** Opening EXTRACTED MATERIAL block **

(* Let $\gamma_2>0$. For every time step $t\ge1$, the first difference $\Delta L_3(t):=L_3(t+1)-L_3(t)$ of $$L_3(t)=\frac{1}{l_c\gamma_2}\operatorname{tr}\!\left[\big(\tilde w_c^{(1)}(t)\big)^T\tilde w_c^{(1)}(t)\right]$$ satisfies $$\Delta L_3(t)\le\frac1{\gamma_2}\Big(\alpha^2 l_c\, e_c(t)^2\,\|a(t)\|^2\|y(t)\|^2+\alpha\big(a(t)^T\tilde w_c^{(1)}(t)y(t)\big)^2+\alpha\, e_c(t)^2\Big),$$ where $e_c(t)=\alpha\hat w_c^{(2)}(t)\phi_c(t)+r(t)-\hat w_c^{(2)}(t-1)\phi_c(t-1)$.
   Context: Setting (action-dependent heuristic dynamic programming with two one-hidden-layer networks). Fix integers $m,n,N_a,N_c\ge1$, a discount factor $\alpha\in(0,1]$ and learning rates $l_c,l_a>0$. Let $\psi(s)=\frac{1-e^{-s}}{1+e^{-s}}$, applied componentwise to vectors (note $\psi'(s)=\tfrac12(1-\psi(s)^2)$). At each integer time $t$ there are a state $x(t)\in\mathbb R^m$ and a scalar reward $r(t)$. Action network: weights $\hat w_a^{(1)}(t)\in\mathbb R^{N_a\times m}$, $\hat w_a^{(2)}(t)\in\mathbb R^{n\times N_a}$; hidden output $\phi_a(t)=\psi(\hat w_a^{(1)}(t)x(t))\in\mathbb R^{N_a}$; control $u(t)=\hat w_a^{(2)}(t)\phi_a(t)\in\mathbb R^n$. Critic network: weights $\hat w_c^{(1)}(t)\in\mathbb R^{N_c\times(m+n)}$, $\hat w_c^{(2)}(t)\in\mathbb R^{1\times N_c}$ (a row vector); input $y(t)=(x(t)^T,u(t)^T)^T\in\mathbb R^{m+n}$; hidden output $\phi_c(t)=\psi(\hat w_c^{(1)}(t)y(t))\in\mathbb R^{N_c}$; output $\hat J(t)=\hat w_c^{(2)}(t)\phi_c(t)$. Critic error $e_c(t)=\alpha\hat J(t)+r(t)-\hat J(t-1)$. Auxiliary quantities: $C(t)\in\mathbb R^{N_c\times n}$ with $C_{ij}(t)=\tfrac12(1-\phi_{c_i}(t)^2)\,(\hat w_c^{(1)}(t))_{i,m+j}$; $a(t)\in\mathbb R^{N_c}$ with $a_i(t)=\tfrac12(1-\phi_{c_i}(t)^2)(\hat w_c^{(2)}(t))_i$; $D(t)\in\mathbb R^{N_a\times n}$ with $D_{ij}(t)=\tfrac12(1-\phi_{a_i}(t)^2)(\hat w_a^{(2)}(t))_{ji}$. The weights are updated by gradient descent: $\hat w_c^{(2)}(t+1)=\hat w_c^{(2)}(t)-l_c\alpha e_c(t)\phi_c(t)^T$, $\hat w_c^{(1)}(t+1)=\hat w_c^{(1)}(t)-l_c\alpha e_c(t)\,a(t)y(t)^T$, $\hat w_a^{(2)}(t+1)=\hat w_a^{(2)}(t)-l_a\hat J(t)\,(\hat w_c^{(2)}(t)C(t))^T\phi_a(t)^T$, $\hat w_a^{(1)}(t+1)=\hat w_a^{(1)}(t)-l_a\hat J(t)\,(\hat w_c^{(2)}(t)C(t)D(t)^T)^T x(t)^T$. Fixed (time-independent) ''optimal'' weights $w_c^{*(1)},w_c^{*(2)},w_a^{*(1)},w_a^{*(2)}$ of the same shapes are given, and the estimation errors are $\tilde w_\bullet(t)=\hat w_\bullet(t)-w_\bullet^{*}$. Assumption 1: $\|w_a^*\|\le w_a^{\max}$ and $\|w_c^*\|\le w_c^{\max}$. Norms are Euclidean for vectors and Frobenius for matrices. *)

(* Stdlib reals (psi needs exp). Vectors/matrices are total functions
   on nat indices; only entries inside the stated dimensions are ever used. *)
From Stdlib Require Import Reals Lra Lia.
Open Scope R_scope.

Definition Vec := nat -> R.
Definition Mat := nat -> nat -> R.

Fixpoint rsum (n : nat) (f : nat -> R) : R :=
  match n with O => 0 | S k => rsum k f + f k end.

Definition psi (s : R) : R := (1 - exp (- s)) / (1 + exp (- s)).

Definition matmul (q : nat) (A B : Mat) : Mat :=
  fun i k => rsum q (fun j => A i j * B j k).
Definition trmx (A : Mat) : Mat := fun i j => A j i.
Definition trace (n : nat) (A : Mat) : R := rsum n (fun i => A i i).
Definition vnorm (n : nat) (v : Vec) : R := sqrt (rsum n (fun i => v i ^ 2)).
Definition fnorm (p q : nat) (A : Mat) : R :=
  sqrt (rsum p (fun i => rsum q (fun j => A i j ^ 2))).

Section ADHDP.
Variables (m n Na Nc : nat) (alpha : R).
Variables (x : nat -> Vec) (r : nat -> R).
Variables (wa1 wa2 wc1 wc2 : nat -> Mat).
(* wa1 t : Na x m, wa2 t : n x Na, wc1 t : Nc x (m+n), wc2 t : 1 x Nc *)

Definition phi_a (t : nat) : Vec :=
  fun i => psi (rsum m (fun j => wa1 t i j * x t j)).
Definition u (t : nat) : Vec :=
  fun k => rsum Na (fun i => wa2 t k i * phi_a t i).
Definition y (t : nat) : Vec :=
  fun k => if Nat.ltb k m then x t k else u t (k - m)%nat.
Definition phi_c (t : nat) : Vec :=
  fun i => psi (rsum (m + n)%nat (fun k => wc1 t i k * y t k)).
Definition Jhat (t : nat) : R := rsum Nc (fun i => wc2 t 0%nat i * phi_c t i).
(* used only for t >= 1 *)
Definition e_c (t : nat) : R := alpha * Jhat t + r t - Jhat (t - 1)%nat.
Definition Cmat (t : nat) : Mat :=
  fun i j => / 2 * (1 - phi_c t i ^ 2) * wc1 t i (m + j)%nat.
Definition avec (t : nat) : Vec :=
  fun i => / 2 * (1 - phi_c t i ^ 2) * wc2 t 0%nat i.
Definition Dmat (t : nat) : Mat :=
  fun i j => / 2 * (1 - phi_a t i ^ 2) * wa2 t j i.
(* row vector wc2 C (1 x n), and wc2 C D^T (1 x Na) *)
Definition wcC (t : nat) : Vec :=
  fun k => rsum Nc (fun i => wc2 t 0%nat i * Cmat t i k).
Definition wcCD (t : nat) : Vec :=
  fun l => rsum n (fun k => wcC t k * Dmat t l k).
End ADHDP.

(* The Lyapunov term L3(t) = tr(W(t)^T W(t)) / (lc gamma2) of the critic's
   first-layer error W(t) = wc1(t) - wc1* changes along the gradient step
   W(t+1) = W(t) - c a(t) y(t)^T, with c = lc alpha e_c(t), by a rank-one
   update.  Expanding the Frobenius norm of a rank-one update gives
     tr(W(t+1)^T W(t+1)) = tr(W^T W) - 2 c (a^T W y) + c^2 |a|^2 |y|^2,
   so  Delta L3 = (lc alpha^2 e_c^2 |a|^2 |y|^2 - 2 alpha e_c (a^T W y)) / gamma2,
   and the cross term is bounded by Young's inequality
     -2 alpha e s <= alpha s^2 + alpha e^2.
   The file first collects the needed algebra of finite sums [rsum], then
   proves the rank-one Frobenius identity for arbitrary matrices, then the
   scalar Young bound, and finally derives [lemma3] from these. *)
From Stdlib Require Import Reals Lra Lia.
Open Scope R_scope.

Lemma rsum_ext (n : nat) (f g : nat -> R) :
  (forall i, (i < n)%nat -> f i = g i) -> rsum n f = rsum n g.
Proof.
  induction n as [|n IH]; intros Hfg; simpl; [reflexivity|].
  rewrite IH by (intros; apply Hfg; lia).
  rewrite Hfg by lia. reflexivity.
Qed.

Lemma rsum_plus (n : nat) (f g : nat -> R) :
  rsum n (fun i => f i + g i) = rsum n f + rsum n g.
Proof. induction n as [|n IH]; simpl; [ring|]. rewrite IH. ring. Qed.

Lemma rsum_scal (n : nat) (c : R) (f : nat -> R) :
  rsum n (fun i => c * f i) = c * rsum n f.
Proof. induction n as [|n IH]; simpl; [ring|]. rewrite IH. ring. Qed.

Lemma rsum_swap (n p : nat) (f : nat -> nat -> R) :
  rsum n (fun i => rsum p (fun j => f i j)) = rsum p (fun j => rsum n (fun i => f i j)).
Proof.
  induction n as [|n IH]; simpl.
  - induction p as [|p IHp]; simpl; [reflexivity|]. rewrite <- IHp. ring.
  - rewrite IH, <- rsum_plus. reflexivity.
Qed.

Lemma rsum_nonneg (n : nat) (f : nat -> R) : (forall i, 0 <= f i) -> 0 <= rsum n f.
Proof. intros Hf; induction n as [|n IH]; simpl; [lra|]. specialize (Hf n). lra. Qed.

Lemma vnorm_sq (n : nat) (v : Vec) : vnorm n v ^ 2 = rsum n (fun i => v i ^ 2).
Proof.
  unfold vnorm. rewrite pow2_sqrt; [reflexivity|].
  apply rsum_nonneg; intros; apply pow2_ge_0.
Qed.

Definition bilin (q p : nat) (a : Vec) (W : Mat) (v : Vec) : R :=
  rsum q (fun i => a i * rsum p (fun j => W i j * v j)).

Lemma trace_gram_rank_one (q p : nat) (A B : Mat) (a v : Vec) (c : R) :
  (forall i j, (i < q)%nat -> (j < p)%nat -> B i j = A i j - c * a i * v j) ->
  trace p (matmul q (trmx B) B)
  = trace p (matmul q (trmx A) A) - 2 * c * bilin q p a A v
    + c ^ 2 * (vnorm q a ^ 2 * vnorm p v ^ 2).
Proof.
  intros HB. unfold trace, matmul, trmx.
  rewrite (rsum_ext p _ (fun j => rsum q (fun i => A i j * A i j)
      + (-2 * c) * rsum q (fun i => a i * A i j * v j)
      + c ^ 2 * (v j ^ 2 * rsum q (fun i => a i ^ 2)))).
  2:{ intros j Hj. rewrite <- !rsum_scal, <- !rsum_plus.
      apply rsum_ext; intros i Hi. rewrite HB by lia. ring. }
  assert (Hcross : rsum p (fun j => rsum q (fun i => a i * A i j * v j)) = bilin q p a A v).
  { unfold bilin. rewrite <- (rsum_swap q p (fun i j => a i * A i j * v j)).
    apply rsum_ext; intros i _. rewrite <- rsum_scal.
    apply rsum_ext; intros; ring. }
  assert (Hnorms : rsum p (fun j => v j ^ 2 * rsum q (fun i => a i ^ 2))
                   = vnorm q a ^ 2 * vnorm p v ^ 2).
  { rewrite (vnorm_sq q a), (vnorm_sq p v), <- rsum_scal.
    apply rsum_ext; intros; ring. }
  rewrite !rsum_plus, !rsum_scal, Hcross, Hnorms. ring.
Qed.

Lemma cross_term_bound (alpha e s : R) :
  0 <= alpha -> - 2 * alpha * e * s <= alpha * s ^ 2 + alpha * e ^ 2.
Proof.
  intros Halpha.
  assert (0 <= alpha * (s + e) ^ 2) by (apply Rmult_le_pos; [lra | apply pow2_ge_0]).
  nra.
Qed.
Theorem lemma3
  (m n Na Nc : nat) (alpha lc la gamma2 wa_max wc_max : R)
  (x : nat -> Vec) (r : nat -> R)
  (wa1 wa2 wc1 wc2 : nat -> Mat)
  (wa1s wa2s wc1s wc2s : Mat)
  (Hm : (1 <= m)%nat) (Hn : (1 <= n)%nat) (HNa : (1 <= Na)%nat) (HNc : (1 <= Nc)%nat)
  (Halpha : 0 < alpha <= 1) (Hlc : 0 < lc) (Hla : 0 < la)
  (Hwa1s : fnorm Na m wa1s <= wa_max) (Hwa2s : fnorm n Na wa2s <= wa_max)
  (Hwc1s : fnorm Nc (m + n) wc1s <= wc_max) (Hwc2s : fnorm 1 Nc wc2s <= wc_max)
  (Hupd_c2 : forall t j, (j < Nc)%nat ->
     wc2 (S t) 0%nat j = wc2 t 0%nat j
       - lc * alpha * e_c m n Na Nc alpha x r wa1 wa2 wc1 wc2 t
           * phi_c m n Na x wa1 wa2 wc1 t j)
  (Hupd_c1 : forall t i j, (i < Nc)%nat -> (j < m + n)%nat ->
     wc1 (S t) i j = wc1 t i j
       - lc * alpha * e_c m n Na Nc alpha x r wa1 wa2 wc1 wc2 t
           * avec m n Na x wa1 wa2 wc1 wc2 t i * y m Na x wa1 wa2 t j)
  (Hupd_a2 : forall t k l, (k < n)%nat -> (l < Na)%nat ->
     wa2 (S t) k l = wa2 t k l
       - la * Jhat m n Na Nc x wa1 wa2 wc1 wc2 t
           * wcC m n Na Nc x wa1 wa2 wc1 wc2 t k * phi_a m x wa1 t l)
  (Hupd_a1 : forall t l j, (l < Na)%nat -> (j < m)%nat ->
     wa1 (S t) l j = wa1 t l j
       - la * Jhat m n Na Nc x wa1 wa2 wc1 wc2 t
           * wcCD m n Na Nc x wa1 wa2 wc1 wc2 t l * x t j)
  (Hgamma2 : 0 < gamma2) :
  let wtc1 := fun t i j => wc1 t i j - wc1s i j in
  let L3 := fun t => / (lc * gamma2) *
      trace (m + n) (matmul Nc (trmx (wtc1 t)) (wtc1 t)) in
  forall t : nat, (1 <= t)%nat ->
    let ec := e_c m n Na Nc alpha x r wa1 wa2 wc1 wc2 t in
    let a := avec m n Na x wa1 wa2 wc1 wc2 t in
    let yt := y m Na x wa1 wa2 t in
    L3 (S t) - L3 t <=
      / gamma2 * (alpha ^ 2 * lc * ec ^ 2 * vnorm Nc a ^ 2 * vnorm (m + n) yt ^ 2
        + alpha * (rsum Nc (fun i => a i * rsum (m + n) (fun j => wtc1 t i j * yt j))) ^ 2
        + alpha * ec ^ 2).
Proof.
  intros wtc1 L3 t _ ec a yt.
  assert (Hstep : forall i j, (i < Nc)%nat -> (j < m + n)%nat ->
            wtc1 (S t) i j = wtc1 t i j - (lc * alpha * ec) * a i * yt j).
  { intros i j Hi Hj. unfold wtc1, ec, a, yt. rewrite Hupd_c1 by assumption. ring. }
  unfold L3. rewrite (trace_gram_rank_one Nc (m + n) _ _ a yt _ Hstep).
  fold (bilin Nc (m + n) a (wtc1 t) yt).
  set (s := bilin Nc (m + n) a (wtc1 t) yt).
  set (T := trace (m + n) (matmul Nc (trmx (wtc1 t)) (wtc1 t))).
  replace (/ (lc * gamma2) * (T - 2 * (lc * alpha * ec) * s
             + (lc * alpha * ec) ^ 2 * (vnorm Nc a ^ 2 * vnorm (m + n) yt ^ 2))
           - / (lc * gamma2) * T)
    with (/ gamma2 * (alpha ^ 2 * lc * ec ^ 2 * vnorm Nc a ^ 2 * vnorm (m + n) yt ^ 2
                      - 2 * alpha * ec * s))
    by (field; lra).
  apply Rmult_le_compat_l; [left; apply Rinv_0_lt_compat; lra|].
  pose proof (cross_term_bound alpha ec s ltac:(lra)).
  lra.
Qed.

** Closing EXTRACTED MATERIAL block **

■ EXERCISE DIRECTIONS ■
In the records above, count the lines that contain the word "then" and state only that count.

■ ANSWER FOR THE TASK ■
3